CNN  — 

In 2014, James Bogart bought his first T-shirt from the cult US streetwear brand Supreme. In the six years since, he has acquired every single retail-released tee sporting the label’s iconic box logo – a collection now expected to sell for around $2 million.

Bogart’s Box Logo Collection will be presented as a private sale alongside an online auction of other rare Supreme items at Christie’s in New York. The collection, described by the auction house as a “holy grail” for Supreme fans and collectors, contains 253 different shirts released between 1994 to 2020 – the entire course of the brand’s history.

Supreme’s brand and more recent fame have been built through social media hype and scarcity. Its clothes can only be bought online or through a network of just 12 stores worldwide – meaning the items are highly coveted, can go for exorbitant prices and often attract long lines of customers waiting overnight to buy them.

Bogart’s collection, which is considered the first complete archive of Supreme tees to ever exist, contains many items that are impossible to find, even in the secondary market, said Christie’s in a press release.

The Box Logo Collection contains 253 shirts spanning Supreme's entire brand history.

“By the time 2015 rolled around, I had developed a strong interest in the brand, picking up the releases I liked as they dropped.

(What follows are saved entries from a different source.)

Definition sphC (a b : R) : R[i] := (cos a)%:C + 'i * (cos b * sin a)%:C.

Lemma sphC_scaled_normK a b x :
  sphC a b * x%:C * Num.conj (sphC a b * x%:C) = (x ^+ 2 - (x * sin a * sin b) ^+ 2)%:C.
Proof.
have cos2 t : cos t ^+ 2 = 1 - sin t ^+ 2 by rewrite -(cos2Dsin2 t) addrK.
rewrite conjC_complex /sphC; apply/eqP; rewrite eq_complex /=.
apply/andP; split; apply/eqP; last by ring.
transitivity (x ^+ 2 * (cos a ^+ 2 + cos b ^+ 2 * sin a ^+ 2)); first by ring.
by rewrite !cos2; ring.
Qed.

Lemma prodr_nat_recr2 (F : nat -> R) n :
  \prod_(1 <= p < n.+3) F p = \prod_(1 <= p < n.+1) F p * F n.+1 * F n.+2.
Proof. by rewrite big_nat_recr // big_nat_recr. Qed.

Lemma prod_sin_gt0 (f : nat -> R) n :
  (forall p, (1 <= p <= n)%N -> 0 < f p < pi) -> 0 < \prod_(1 <= p < n.+1) sin (f p).
Proof.
move=> f_range; rewrite big_nat_cond; apply: prodr_gt0 => p /andP[/andP[p_ge1 lt_pn] _].
by apply/sin_gt0_pi/f_range; rewrite p_ge1.
Qed.

Lemma qblock_coords_sphC (f : nat -> R) n x :
  let l s := cos (f (n + s)%N) * (\prod_(1 <= m < s) sin (f (n + m)%N)) * x in
  qblock ((l 1%N)%:C + 'i * (l 2%N)%:C) ((l 3%N)%:C + 'i * (l 4%N)%:C)
  = qblock (sphC (f n.+1) (f n.+2) * x%:C)
           (sphC (f n.+3) (f n.+4) * (sin (f n.+1) * sin (f n.+2) * x)%:C).
Proof.
have prod1 : \prod_(1 <= m < 1) sin (f (n + m)%N) = 1 by rewrite big_geq.
have prodS s : \prod_(1 <= m < s.+2) sin (f (n + m)%N)
    = \prod_(1 <= m < s.+1) sin (f (n + m)%N) * sin (f (n + s.+1)%N).
  by rewrite big_nat_recr.
cbv zeta beta; rewrite !prodS prod1 !addn1 !addn2 !addn3 !addn4 /sphC.
by congr qblock; apply/eqP; rewrite eq_complex /=; apply/andP; split; apply/eqP; ring.
Qed.

Lemma sqrtC_sqr_realcM (x y : R) : 0 <= x -> 0 <= y ->
  sqrtC ((x ^+ 2)%:C * (y%:C * y%:C)) = x%:C * y%:C.
Proof.
move=> x_ge0 y_ge0; rewrite rmorphXn -expr2 -exprMn sqrCK //.
by rewrite mulr_ge0 // ler0c.
Qed.

Lemma realcV_mulK (x : R) (z : R[i]) : x != 0 -> (x^-1)%:C * (z * x%:C) = z.
Proof. by move=> x_neq0; rewrite mulrC -mulrA -rmorphM mulfV // rmorph1 mulr1. Qed.

Lemma scale_qblock_real (x : R) z w : x%:C *: qblock z w = qblock (x%:C * z) (x%:C * w).
Proof.
apply/matrixP => a b; rewrite !mxE ?conjC_complex; case: z w => [z1 z2] [w1 w2].
by case: ifP => _; case: ifP => _; apply/eqP; rewrite eq_complex /=; apply/andP; split; apply/eqP; ring.
Qed.

End SphericalCoordinates.

Lemma bidx_onto N (i : 'I_(N * 2)) : exists j a, i = @bidx N j a.
Proof.
have lt_iN : (i %/ 2 < N)%N by rewrite ltn_divLR.
exists (Ordinal lt_iN), (Ordinal (ltn_pmod i (isT : (0 < 2)%N))).
by apply: val_inj; rewrite /= -divn_eq.
Qed.

Lemma sum_widen_pairs (V : nmodType) N k (le_kN : (k <= N)%N) (le_k2 : (k * 2 <= N * 2)%N)
    (F : 'I_(N * 2) -> V) :
  \sum_(c < k * 2) F (widen_ord le_k2 c)
  = \sum_(c < k) (F (bidx (widen_ord le_kN c) ord0) + F (bidx (widen_ord le_kN c) ord_max)).
Proof.
(* extend F by 0 beyond N * 2 to reindex over nat *)
pose g c := oapp F 0 (insub c : option 'I_(N * 2)).
have gE (i : 'I_(N * 2)) : F i = g i by rewrite /g valK.
rewrite (eq_bigr (fun c : 'I_(k * 2) => g c)) => [|c _]; last by rewrite gE.
rewrite (eq_bigr (fun c : 'I_k => g (c * 2)%N + g (c * 2).+1)) => [|c _]; last first.
  by rewrite !gE /= addn0 addn1.
elim: k {le_kN le_k2} => [|k IH]; first by rewrite !big_ord0.
rewrite [RHS]big_ord_recr /= -IH mulSnr addn2.
by rewrite !big_ord_recr addrA.
Qed.

Lemma blkE (R : realType) N (M : 'M[R[i]]_(N * 2)) j k a b :
  blk M j k a b = M (bidx j a) (bidx k b).
Proof. by rewrite mxE. Qed.

Section BlockLowerTriangular.
Variables (R : realType) (N : nat) (L : 'M[R[i]]_(N * 2)).
Hypothesis L_blk_lower : forall j k : 'I_N, (j < k)%N -> blk L j k = 0.
Hypothesis L_blk_diag : forall j : 'I_N, exists l : R, 0 < l /\ blk L j j = (l%:C)%:M.

Lemma blk_diag_offdiag (k : 'I_N) (a b : 'I_2) : a != b -> L (bidx k a) (bidx k b) = 0.
Proof.
by move=> neq_ab; have [l [_ L_kk]] := L_blk_diag k; rewrite -blkE L_kk mxE (negPf neq_ab).
Qed.

Lemma blk_lower_lower (a b : 'I_(N * 2)) : (a < b)%N -> L a b = 0.
Proof.
have [j [x ->]] := bidx_onto a; have [k [y ->]] := bidx_onto b; rewrite /= => lt_ab.
have [lt_jk | lt_kj | /val_inj eq_jk] := ltngtP j k.
- by rewrite -blkE L_blk_lower // mxE.
- by move: lt_ab (ltn_ord x) (ltn_ord y); lia.
- subst k; apply: blk_diag_offdiag; rewrite -val_eqE /=.
  by move: lt_ab; lia.
Qed.

Lemma blk_diag_neq0 (i : 'I_(N * 2)) : L i i != 0.
Proof.
have [j [x ->]] := bidx_onto i; have [l [l_gt0 L_jj]] := L_blk_diag j.
by rewrite -blkE L_jj mxE eqxx mulr1n fmorph_eq0 gt_eqF.
Qed.

Lemma blk_diag_row_tail (k : 'I_N) (x : 'I_2) (c : 'I_(N * 2)) :
  (k * 2 <= c)%N -> c != bidx k x -> L (bidx k x) c = 0.
Proof.
move=> le_kc neq_c; have [lt_xc | lt_cx | eq_c] := ltngtP (bidx k x) c.
- exact: blk_lower_lower.
- have [j [y def_c]] := bidx_onto c; subst c.
  have eq_jk : j = k by apply: val_inj; move: le_kc lt_cx (ltn_ord x) (ltn_ord y) => /=; lia.
  subst j; apply: blk_diag_offdiag; rewrite -val_eqE; move: lt_cx => /=; lia.
- by move/val_inj: eq_c neq_c => ->; rewrite eqxx.
Qed.

End BlockLowerTriangular.

Lemma complex_partial_correlation (R : realType) N (L : 'M[R[i]]_N) (f : nat -> R)
    (j k : 'I_N) :
  (forall a b : 'I_N, (a < b)%N -> L a b = 0) ->
  (forall i : 'I_N, exists l : R, 0 < l /\ L i i = l%:C) ->
  (L *m ctr L) j j = 1 ->
  (forall p, (1 <= p <= 2 * k)%N -> 0 < f p < pi) ->
  (forall c : 'I_N, (c <= k)%N ->
     L j c = sphC (f (2 * c).+1) (f (2 * c).+2) * (\prod_(1 <= p < (2 * c).+1) sin (f p))%:C) ->
  (k < j)%N ->
  let S := schur (ord_le k) (L *m ctr L) in
  S j k / sqrtC (S j j * S k k) = sphC (f (2 * k).+1) (f (2 * k).+2).
Proof.
move=> L_lower L_diag G_jj f_range L_row lt_kj S.
have L_neq0 i : L i i != 0 by have [l [l_gt0 ->]] := L_diag i; rewrite fmorph_eq0 gt_eqF.
have [l [l_gt0 L_kk]] := L_diag k.
pose P n := \prod_(1 <= p < n.+1) sin (f p).
have P_gt0 : 0 < P (2 * k)%N by apply: prod_sin_gt0.
have row_k (c : 'I_N) : (k <= c)%N -> c != k -> L k c = 0.
  by move=> le_kc neq_ck; apply: L_lower; rewrite ltn_neqAle le_kc andbT eq_sym.
have S_col (a : 'I_N) : S a k = L a k * l%:C.
  by rewrite /S schur_gram_col // L_kk conjC_realc.
have S_jj : S j j = (P (2 * k)%N ^+ 2)%:C.
  pose u n := (P (2 * n)%N ^+ 2)%:C : R[i].
  rewrite /S schur_gram_head // G_jj (eq_bigr (fun c : 'I_k => u c - u c.+1)).
    by rewrite sumr_telescope_ord /u /P big_geq // expr1n opprB addrC subrK.
  move=> c _; rewrite L_row /=; last exact: ltnW.
  by rewrite sphC_scaled_normK /u /P mulnS add2n prodr_nat_recr2 rmorphB.
rewrite S_col S_jj S_col L_kk L_row // sqrtC_sqr_realcM ?ltW // /P -(mulrA (sphC _ _)) mulfK //.
by rewrite mulf_neq0 // fmorph_eq0 gt_eqF.
Qed.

I’ve still got many of those initial purchases in my collection today,” said Bogart on a website created for the collection.

“From that point on, my interest grew into an obsession, and (I) started adding to my collection as often as I could, always looking for the best condition examples I could find… A lot of people don’t think about the non-stop weeks, months, and even years of research and work that it can take to find just one tee.”

The T-shirts in Bogart’s collection feature color and design variations of what is arguably the brand’s most valuable asset: its simple logo, a red rectangle marked with the word “Supreme” that fashion platform Lyst crowned the industry’s most powerful logo in 2018. The collection includes early editions, such as four T-shirts that feature a smaller Box Logo design – released in 1995.

The 1999 Supreme x WTAPS box logo t-shirt, one of the label's rarest items.

Another valuable item is a shirt made in collaboration with Japanese streetwear brand WTAPS and released in 1999. It is believed that only about 30 pieces were printed, according to Bogart – which would make it one of the rarest Supreme designs. On Grailed, an online luxury marketplace, the shirt is listed at $12,800.

Supreme started as a humble Lower Manhattan skate store, opened by British-American entrepreneur James Jebbia in 1994. It has since grown into one of the most sought-after brands in fashion, boasting collaborations with the likes of Louis Vuitton, Lacoste, Nike and Timberland.

Earlier this month, it was announced that Vans owner VF Corp. was buying the brand for $2.1 billion.

Supreme has famously perfected a sales tactic known as the “drop” – releasing a limited quantity of new clothes on a weekly basis, rather than an entire new collection every season. The strategy, now widely replicated by traditional fashion brands, prompted long lines at stores and fueled online resale marketplaces where prices skyrocketed.

A skateboard collaboration between Supreme and Louis Vuitton.

The brand’s Barbara Kruger-inspired logo is so revered it can turn almost anything into a collector’s item. Supreme’s Spring/Summer 2019 collection included a branded water gun, a coffee maker, a drum kit, a snorkeling mask and even Band-Aids. When the New York Post ran a Supreme cover ad in August 2018, newsstands sold out of the paper by early morning.

Aside from the Box Logo Collection, Christie’s is also putting a number of other Supreme items up for sale. Its “Behind The Box: 1994-2020” auction, which opens to bidders December 1, includes objects like Supreme bicycles, motorcycles and a limited-edition pinball machine that is expected to fetch up to $30,000.